• WHAT IS BEING ASKED
Search the records for the word "inverse" and pick out every line that has it.

• Stored items

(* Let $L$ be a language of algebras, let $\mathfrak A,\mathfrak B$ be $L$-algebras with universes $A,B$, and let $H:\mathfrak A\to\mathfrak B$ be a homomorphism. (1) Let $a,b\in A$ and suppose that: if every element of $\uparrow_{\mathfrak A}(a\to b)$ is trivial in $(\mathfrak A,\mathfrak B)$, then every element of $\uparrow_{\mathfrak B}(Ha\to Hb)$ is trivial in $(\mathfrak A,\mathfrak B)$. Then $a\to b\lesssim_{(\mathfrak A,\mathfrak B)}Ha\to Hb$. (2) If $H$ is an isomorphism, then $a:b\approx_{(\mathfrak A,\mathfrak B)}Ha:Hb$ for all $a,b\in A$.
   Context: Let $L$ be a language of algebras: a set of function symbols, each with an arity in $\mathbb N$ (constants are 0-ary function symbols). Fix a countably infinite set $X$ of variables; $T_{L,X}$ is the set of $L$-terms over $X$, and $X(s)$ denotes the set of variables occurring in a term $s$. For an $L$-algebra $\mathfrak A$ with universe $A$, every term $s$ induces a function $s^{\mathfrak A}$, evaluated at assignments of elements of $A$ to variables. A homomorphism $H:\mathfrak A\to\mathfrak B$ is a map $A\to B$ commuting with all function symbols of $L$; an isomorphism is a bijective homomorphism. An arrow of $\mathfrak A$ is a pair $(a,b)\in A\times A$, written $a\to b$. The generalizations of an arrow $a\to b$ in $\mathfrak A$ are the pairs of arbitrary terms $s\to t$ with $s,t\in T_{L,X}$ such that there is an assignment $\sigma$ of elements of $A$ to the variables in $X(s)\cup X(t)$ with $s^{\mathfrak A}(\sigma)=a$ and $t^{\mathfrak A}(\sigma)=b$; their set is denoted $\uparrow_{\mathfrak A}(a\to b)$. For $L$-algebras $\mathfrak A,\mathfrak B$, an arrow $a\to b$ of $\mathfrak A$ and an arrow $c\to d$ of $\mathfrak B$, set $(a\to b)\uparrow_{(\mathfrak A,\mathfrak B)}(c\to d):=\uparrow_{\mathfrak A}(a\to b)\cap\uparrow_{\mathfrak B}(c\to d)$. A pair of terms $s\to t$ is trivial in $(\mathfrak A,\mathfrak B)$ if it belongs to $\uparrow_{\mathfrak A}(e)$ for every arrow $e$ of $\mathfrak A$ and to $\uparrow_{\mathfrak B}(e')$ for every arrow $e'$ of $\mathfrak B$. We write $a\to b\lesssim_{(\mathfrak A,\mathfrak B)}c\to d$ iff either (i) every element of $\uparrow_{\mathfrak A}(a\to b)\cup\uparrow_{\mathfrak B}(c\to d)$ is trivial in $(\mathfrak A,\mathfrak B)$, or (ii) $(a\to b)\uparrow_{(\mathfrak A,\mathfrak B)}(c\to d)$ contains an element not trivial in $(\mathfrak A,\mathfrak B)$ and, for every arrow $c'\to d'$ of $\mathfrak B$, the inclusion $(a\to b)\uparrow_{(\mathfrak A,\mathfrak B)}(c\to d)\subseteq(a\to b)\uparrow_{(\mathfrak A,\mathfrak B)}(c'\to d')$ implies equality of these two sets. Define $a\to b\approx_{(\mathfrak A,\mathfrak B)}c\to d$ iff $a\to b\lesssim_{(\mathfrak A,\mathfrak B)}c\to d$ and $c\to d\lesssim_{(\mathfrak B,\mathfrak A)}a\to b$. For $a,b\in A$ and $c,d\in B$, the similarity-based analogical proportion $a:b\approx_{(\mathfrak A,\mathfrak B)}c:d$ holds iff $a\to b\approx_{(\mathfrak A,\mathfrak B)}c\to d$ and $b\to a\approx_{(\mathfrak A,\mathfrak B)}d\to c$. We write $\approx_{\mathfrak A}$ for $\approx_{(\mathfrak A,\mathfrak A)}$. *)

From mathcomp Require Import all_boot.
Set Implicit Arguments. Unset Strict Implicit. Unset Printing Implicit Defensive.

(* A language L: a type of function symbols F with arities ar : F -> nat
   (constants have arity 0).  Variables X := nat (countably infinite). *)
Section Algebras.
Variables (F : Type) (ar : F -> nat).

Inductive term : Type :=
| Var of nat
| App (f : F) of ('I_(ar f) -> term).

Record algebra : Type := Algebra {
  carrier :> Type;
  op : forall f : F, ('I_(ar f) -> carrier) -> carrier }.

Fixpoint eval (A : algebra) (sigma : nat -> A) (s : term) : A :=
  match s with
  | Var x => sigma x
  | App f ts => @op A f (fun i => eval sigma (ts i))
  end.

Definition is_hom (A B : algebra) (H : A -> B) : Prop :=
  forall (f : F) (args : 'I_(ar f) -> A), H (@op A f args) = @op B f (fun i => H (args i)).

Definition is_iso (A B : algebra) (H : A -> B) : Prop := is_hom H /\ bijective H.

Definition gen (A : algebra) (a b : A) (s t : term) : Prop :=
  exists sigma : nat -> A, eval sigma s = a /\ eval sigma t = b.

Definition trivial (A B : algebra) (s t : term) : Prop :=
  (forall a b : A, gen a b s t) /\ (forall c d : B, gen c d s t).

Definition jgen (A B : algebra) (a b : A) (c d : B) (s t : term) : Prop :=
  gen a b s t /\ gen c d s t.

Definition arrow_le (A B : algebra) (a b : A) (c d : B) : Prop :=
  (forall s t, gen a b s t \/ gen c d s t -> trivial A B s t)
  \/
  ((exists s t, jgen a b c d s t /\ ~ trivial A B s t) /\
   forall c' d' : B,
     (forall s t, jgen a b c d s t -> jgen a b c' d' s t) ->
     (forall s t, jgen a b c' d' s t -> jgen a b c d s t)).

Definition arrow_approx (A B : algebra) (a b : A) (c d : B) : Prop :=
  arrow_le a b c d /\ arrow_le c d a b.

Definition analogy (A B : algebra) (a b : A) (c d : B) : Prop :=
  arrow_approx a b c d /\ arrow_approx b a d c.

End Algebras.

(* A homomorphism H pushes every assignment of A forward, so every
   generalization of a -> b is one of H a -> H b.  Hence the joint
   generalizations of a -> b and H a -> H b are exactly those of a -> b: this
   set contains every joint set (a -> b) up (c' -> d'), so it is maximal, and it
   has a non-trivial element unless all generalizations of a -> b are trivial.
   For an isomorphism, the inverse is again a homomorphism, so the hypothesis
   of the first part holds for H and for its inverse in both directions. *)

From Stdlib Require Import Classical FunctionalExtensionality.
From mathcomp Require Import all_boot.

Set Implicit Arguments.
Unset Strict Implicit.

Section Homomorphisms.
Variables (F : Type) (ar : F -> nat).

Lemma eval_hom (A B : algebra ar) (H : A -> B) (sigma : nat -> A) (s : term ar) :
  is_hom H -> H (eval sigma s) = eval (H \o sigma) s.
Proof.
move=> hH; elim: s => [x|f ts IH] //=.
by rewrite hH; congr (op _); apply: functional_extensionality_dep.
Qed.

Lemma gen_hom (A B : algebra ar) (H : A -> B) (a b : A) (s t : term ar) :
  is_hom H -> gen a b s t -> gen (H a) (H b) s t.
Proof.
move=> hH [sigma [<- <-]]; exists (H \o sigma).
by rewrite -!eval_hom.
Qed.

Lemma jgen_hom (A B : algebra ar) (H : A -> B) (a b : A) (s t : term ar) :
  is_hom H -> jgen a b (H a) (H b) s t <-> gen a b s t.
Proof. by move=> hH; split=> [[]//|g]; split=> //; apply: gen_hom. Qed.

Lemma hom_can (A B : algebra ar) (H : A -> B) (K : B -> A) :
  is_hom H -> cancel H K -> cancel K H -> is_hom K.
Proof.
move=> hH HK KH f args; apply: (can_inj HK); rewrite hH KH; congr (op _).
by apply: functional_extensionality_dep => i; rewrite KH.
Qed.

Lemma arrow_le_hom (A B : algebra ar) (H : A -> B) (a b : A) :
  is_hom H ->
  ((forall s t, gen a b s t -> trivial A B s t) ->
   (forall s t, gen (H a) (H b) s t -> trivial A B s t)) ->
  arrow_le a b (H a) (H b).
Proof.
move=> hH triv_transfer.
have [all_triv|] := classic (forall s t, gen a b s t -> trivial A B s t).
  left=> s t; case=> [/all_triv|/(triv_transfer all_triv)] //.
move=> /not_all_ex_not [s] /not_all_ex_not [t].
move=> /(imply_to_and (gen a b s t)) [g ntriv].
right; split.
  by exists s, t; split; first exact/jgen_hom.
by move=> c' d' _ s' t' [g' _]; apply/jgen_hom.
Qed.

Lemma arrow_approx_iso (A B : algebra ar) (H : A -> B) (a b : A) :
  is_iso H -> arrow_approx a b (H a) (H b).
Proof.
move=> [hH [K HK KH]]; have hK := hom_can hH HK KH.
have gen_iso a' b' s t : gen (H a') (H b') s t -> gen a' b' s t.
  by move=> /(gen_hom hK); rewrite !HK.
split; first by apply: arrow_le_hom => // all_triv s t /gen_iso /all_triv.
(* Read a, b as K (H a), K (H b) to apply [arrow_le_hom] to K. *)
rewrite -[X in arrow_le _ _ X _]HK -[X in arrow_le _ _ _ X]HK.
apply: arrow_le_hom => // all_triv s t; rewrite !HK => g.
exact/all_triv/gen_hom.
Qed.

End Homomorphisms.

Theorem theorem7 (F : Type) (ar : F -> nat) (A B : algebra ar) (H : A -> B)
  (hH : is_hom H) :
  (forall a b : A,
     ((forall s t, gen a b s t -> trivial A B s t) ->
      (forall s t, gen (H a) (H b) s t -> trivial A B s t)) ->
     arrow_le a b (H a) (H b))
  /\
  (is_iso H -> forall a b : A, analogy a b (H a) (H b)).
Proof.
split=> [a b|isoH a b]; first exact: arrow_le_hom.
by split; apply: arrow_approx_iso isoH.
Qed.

• SOLUTION TO THIS TASK
   For an isomorphism, the inverse is again a homomorphism, so the hypothesis
   of the first part holds for H and for its inverse in both directions. *)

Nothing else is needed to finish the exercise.